= Problem details =
Line by line, retype the material below exactly, from its first line up to and including the one holding "destruct (istar_aux_spec a".
============================================================
Lemma ustar_length s : length (ustar n a b s) = n.
Proof. unfold ustar. rewrite length_map, length_seq; auto. Qed.

Section Admissible.
Variable s : R.
Hypothesis hs : 0 <= s <= INR n * (b - a).

Lemma istar_spec : (istar n a b s < n)%nat /\ a <= a + s - (b - a) * INR (istar n a b s) <= b.
Proof.
  destruct (istar_aux_spec a b s n) as [H1 [H2 H3]]. fold (istar n a b s) in *.
  set (i := istar n a b s) in *. assert (Hi : (i < n)%nat).
  { destruct (Nat.eq_dec i n); [|lia]. exfalso. rewrite e in H2. specialize (H2 hn). lra. }
  split; auto. assert (Hi1 : s <= INR (i + 1) * (b - a)) by (apply H3; lia). rewrite plus_INR in Hi1. simpl in Hi1.
  clearbody i. destruct (Nat.eq_dec i 0). subst. simpl in *. lra. assert (INR i * (b - a) < s) by (apply H2; lia). lra.
Qed.

Lemma ustar_box t : (t < n)%nat -> a <= nth t (ustar n a b s) 0 <= b.
Proof.
  intros Ht. rewrite ustar_nth by auto. destruct istar_spec as [_ H].
  destruct (Nat.ltb t _); [lra|]. destruct (Nat.eqb t _); lra.
Qed.

Lemma ustar_nonneg t : (t < length (ustar n a b s))%nat -> 0 <= nth t (ustar n a b s) 0.
Proof. intros Ht. rewrite ustar_length in Ht. pose proof (ustar_box t Ht). lra. Qed.

Lemma prod_ustar_nonneg : 0 <= prod_list (ustar n a b s).
Proof. rewrite prod_list_nth. apply prodR_nonneg. intros; apply ustar_nonneg; auto. Qed.

Lemma ustar_nonincr : nonincr n (ustar n a b s).
Proof.
  intros t Ht. rewrite !ustar_nth by lia. destruct istar_spec as [_ H]. set (i := istar n a b s) in *.
  destruct (Nat.ltb_spec t i); destruct (Nat.ltb_spec (t+1) i); destruct (Nat.eqb_spec t i);
    destruct (Nat.eqb_spec (t+1) i); try lia; lra.
Qed.

Lemma psum_ustar j : (j <= n)%nat ->
  psum j (ustar n a b s) = if Nat.leb j (istar n a b s) then INR j * b else INR j * a + s.
Proof.
  destruct istar_spec as [Hi _]. set (i := istar n a b s) in *.
  induction j; intros Hj. unfold psum; simpl. destruct (Nat.leb_spec 0 i); try lia. ring.
  rewrite psum_S, IHj by lia. rewrite ustar_nth by lia. fold i. rewrite S_INR.
  destruct (Nat.leb_spec j i); destruct (Nat.leb_spec (S j) i); destruct (Nat.ltb_spec j i);
    destruct (Nat.eqb_spec j i); try lia; subst; ring.
Qed.

Lemma sum_list_ustar : sum_list (ustar n a b s) = INR n * a + s.
Proof.
  rewrite <- psum_length, ustar_length, psum_ustar by lia. destruct istar_spec as [Hi _].
  destruct (Nat.leb_spec n (istar n a b s)); [lia|auto].
Qed.

Lemma Sfun_ustar : Sfun a (ustar n a b s) = s.
Proof. pose proof (sum_list_Sfun a (ustar n a b s)). rewrite sum_list_ustar, ustar_length in H. lra. Qed.

End Admissible.

(* u^{S(x)} puts all the mass of x - a on its first coordinates *)
Lemma majorizes_ustar x : length x = n -> (forall t, (t < n)%nat -> a <= nth t x 0 <= b) ->
  majorizes (ustar n a b (Sfun a x)) x.
Proof.
  intros L H. set (s := Sfun a x). assert (Hs : 0 <= s <= INR n * (b - a)) by (apply (Sfun_bounds a b n); auto).
  apply (majorizes_intro n). apply ustar_length. auto. apply ustar_nonincr; auto.
  - intros j Hj. set (xs := sort_desc x). assert (P := sort_desc_perm x). fold xs in P.
    assert (Lxs : length xs = n) by (rewrite <- (Permutation_length P); auto).
    destruct (psum_majorant_attained j xs) as [th Hth]. apply sort_desc_nonincr. lia.
    exists th. rewrite (psum_majorant_perm j x xs) by auto. rewrite Hth. rewrite psum_ustar by (auto; lia).
    assert (Bx : forall t, (t < n)%nat -> a <= nth t xs 0 <= b)
      by (rewrite <- Lxs; apply (nth_Permutation_bounds x); auto; rewrite L; auto).
    destruct (Nat.leb_spec j (istar n a b s)).
    + unfold psum. rewrite <- sumR_const. apply sumR_le. intros k Hk. pose proof (Bx k ltac:(lia)). lra.
    + assert (E : psum j xs - INR j * a <= Sfun a xs).
      { rewrite Sfun_nth. unfold psum. rewrite <- sumR_const.
        rewrite (sumR_ext j (fun k => nth k xs 0) (fun k => (nth k xs 0 - a) + a)) by (intros; ring).
        rewrite sumR_add.
        assert (sumR j (fun k => nth k xs 0 - a) <= sumR (length xs) (fun k => nth k xs 0 - a)).
        { apply sumR_le_range. intros k Hk. pose proof (Bx k ltac:(lia)). lra. lia. }
        lra. }
      rewrite <- (Sfun_perm a x xs P) in E. fold s in E. lra.
  - rewrite sum_list_ustar, (sum_list_Sfun a x), L by auto. auto.
Qed.

(* the product of (b,..,b, a + s - i (b - a), a,..,a), with i entries b and k entries a: an affine
   lower bound for the product of any point of [a,b]^(i+k+1) with S = s, attained by u^s at i = i^s *)
Definition prod_affine (i k : nat) (s : R) : R := b ^ i * a ^ k * (a + s - INR i * (b - a)).

Lemma prod_affine_cons_a i k s x0 Q : a <= x0 -> INR i * (b - a) <= s -> prod_affine i k s <= Q ->
  prod_affine i (S k) (x0 - a + s) <= x0 * Q.
Proof.
  unfold prod_affine. intros H1 H2 H3. set (P := b ^ i * a ^ k) in *.
  assert (HP : 0 <= P) by (unfold P; apply Rmult_le_pos; apply pow_le; lra).
  assert (x0 * (P * (a + s - INR i * (b - a))) <= x0 * Q) by (apply Rmult_le_compat_l; lra).
  assert (0 <= P * ((x0 - a) * (s - INR i * (b - a)))) by (apply Rmult_le_pos; auto; apply Rmult_le_pos; lra).
  replace (b ^ i * a ^ S k) with (a * P) by (unfold P; simpl; ring). nra.
Qed.

Lemma prod_affine_cons_b i k s x0 Q : a <= x0 <= b -> s <= INR (S i) * (b - a) -> prod_affine i k s <= Q ->
  prod_affine (S i) k (x0 - a + s) <= x0 * Q.
Proof.
  unfold prod_affine. intros H1 H2 H3. rewrite S_INR in *. set (P := b ^ i * a ^ k) in *.
  assert (HP : 0 <= P) by (unfold P; apply Rmult_le_pos; apply pow_le; lra).
  assert (x0 * (P * (a + s - INR i * (b - a))) <= x0 * Q) by (apply Rmult_le_compat_l; lra).
  assert (0 <= P * ((b - x0) * ((INR i + 1) * (b - a) - s))) by (apply Rmult_le_pos; auto; apply Rmult_le_pos; lra).
  replace (b ^ S i * a ^ k) with (b * P) by (unfold P; simpl; ring). nra.
Qed.

Lemma prod_affine_le l : (forall t, (t < length l)%nat -> a <= nth t l 0 <= b) ->
  forall i k, (i + k + 1 = length l)%nat -> prod_affine i k (Sfun a l) <= prod_list l.
Proof.
  induction l as [|x0 rest IH]; intros Hb i k Hl. simpl in Hl; lia.
  assert (Hx0 : a <= x0 <= b) by (apply (Hb 0%nat); simpl; lia).
  assert (Hr : forall t, (t < length rest)%nat -> a <= nth t rest 0 <= b) by (intros t Ht; apply (Hb (S t)); simpl; lia).
  simpl in Hl. rewrite Sfun_cons. change (prod_list (x0 :: rest)) with (x0 * prod_list rest).
  destruct rest as [|y0 rest'].
  { assert (i = 0%nat /\ k = 0%nat) as [-> ->] by (simpl in Hl; lia). unfold prod_affine, Sfun, prod_list; simpl. lra. }
  assert (HS : 0 <= Sfun a (y0 :: rest') <= INR (length (y0 :: rest')) * (b - a)) by (apply Sfun_bounds; auto).
  destruct (classic ((1 <= k)%nat /\ INR i * (b - a) <= Sfun a (y0 :: rest'))) as [[Hk HSi]|Hn].
  - replace k with (S (k - 1)) by lia. apply prod_affine_cons_a; [lra | auto | apply IH; auto; lia].
  - assert (Hi : (1 <= i)%nat /\ Sfun a (y0 :: rest') <= INR i * (b - a)).
    { destruct (Nat.eq_dec k 0). subst k. split. simpl in *; lia. replace i with (length (y0 :: rest')) by lia. lra.
      assert (Sfun a (y0 :: rest') < INR i * (b - a)) by (apply Rnot_le_lt; intros Hc; apply Hn; split; [lia|auto]).
      split; [|lra]. destruct i; [simpl in H; lra| lia]. }
    destruct Hi as [Hi HSi]. replace i with (S (i - 1)) by lia.
    apply prod_affine_cons_b; [lra | replace (S (i - 1)) with i by lia; auto | apply IH; auto; lia].
Qed.

Lemma prod_ustar_affine s : 0 <= s <= INR n * (b - a) ->
  prod_list (ustar n a b s) = prod_affine (istar n a b s) (n - istar n a b s - 1) s.
Proof.
  intros Hs. destruct (istar_spec s Hs) as [Hi _]. set (i := istar n a b s) in *.
  rewrite prod_list_nth, ustar_length. replace n with (i + (1 + (n - i - 1)))%nat at 1 by lia.
  rewrite prodR_split, prodR_succ_l.
  rewrite (prodR_ext i _ (fun _ => b)). rewrite (prodR_ext (n - i - 1) _ (fun _ => a)). rewrite !prodR_const.
  - rewrite Nat.add_0_r, ustar_nth by lia. fold i. rewrite Nat.ltb_irrefl, Nat.eqb_refl. unfold prod_affine. ring.
  - intros k Hk. rewrite ustar_nth by lia. fold i.
    destruct (Nat.ltb_spec (i + S k) i); destruct (Nat.eqb_spec (i + S k) i); try lia; auto.
  - intros k Hk. rewrite ustar_nth by lia. fold i. destruct (Nat.ltb_spec k i); try lia; auto.
Qed.

Lemma prod_ustar_le x : length x = n -> (forall t, (t < n)%nat -> a <= nth t x 0 <= b) ->
  prod_list (ustar n a b (Sfun a x)) <= prod_list x.
Proof.
  intros L H. assert (Hs := Sfun_bounds a b n x L H). rewrite prod_ustar_affine by auto.
  destruct (istar_spec _ Hs) as [Hi _]. apply prod_affine_le. rewrite L; auto. lia.
Qed.

Lemma prod_affine_le_ustar s i : 0 <= s <= INR n * (b - a) -> (i < n)%nat ->
  prod_affine i (n - i - 1) s <= prod_list (ustar n a b s).
Proof.
  intros Hs Hi. rewrite <- (Sfun_ustar s Hs) at 1. apply prod_affine_le.
  rewrite ustar_length. apply ustar_box; auto. rewrite ustar_length. lia.
Qed.

End Ustar.

(** * Points of S with x = u^s and y sorted lie in conv T *)

Definition scale (N : nat) (l : list R) (i e : nat) (q : R) : list R :=
  vec N (fun t => if andb (Nat.leb i t) (Nat.ltb t e) then nth t l 0 * q else nth t l 0).

Lemma scale_length N l i e q : length (scale N l i e q) = N.
Proof. apply vec_length. Qed.

Lemma scale_nth N l i e q t : (t < N)%nat -> nth t (scale N l i e q) 0 =
  if andb (Nat.leb i t) (Nat.ltb t e) then nth t l 0 * q else nth t l 0.
Proof. apply vec_nth. Qed.

Lemma scale_in N l i e q t : (t < N)%nat -> (i <= t < e)%nat -> nth t (scale N l i e q) 0 = nth t l 0 * q.
Proof. intros H1 H2. rewrite scale_nth; auto. destruct (Nat.leb_spec i t); destruct (Nat.ltb_spec t e); simpl; auto; lia. Qed.

Lemma scale_out N l i e q t : (t < N)%nat -> ~ (i <= t < e)%nat -> nth t (scale N l i e q) 0 = nth t l 0.
Proof. intros H1 H2. rewrite scale_nth; auto. destruct (Nat.leb_spec i t); destruct (Nat.ltb_spec t e); simpl; auto; lia. Qed.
============================================================
= Answer to this exercise =
Lemma ustar_length s : length (ustar n a b s) = n.
Proof. unfold ustar. rewrite length_map, length_seq; auto. Qed.

Section Admissible.
Variable s : R.
Hypothesis hs : 0 <= s <= INR n * (b - a).

Lemma istar_spec : (istar n a b s < n)%nat /\ a <= a + s - (b - a) * INR (istar n a b s) <= b.
Proof.
  destruct (istar_aux_spec a b s n) as [H1 [H2 H3]]. fold (istar n a b s) in *.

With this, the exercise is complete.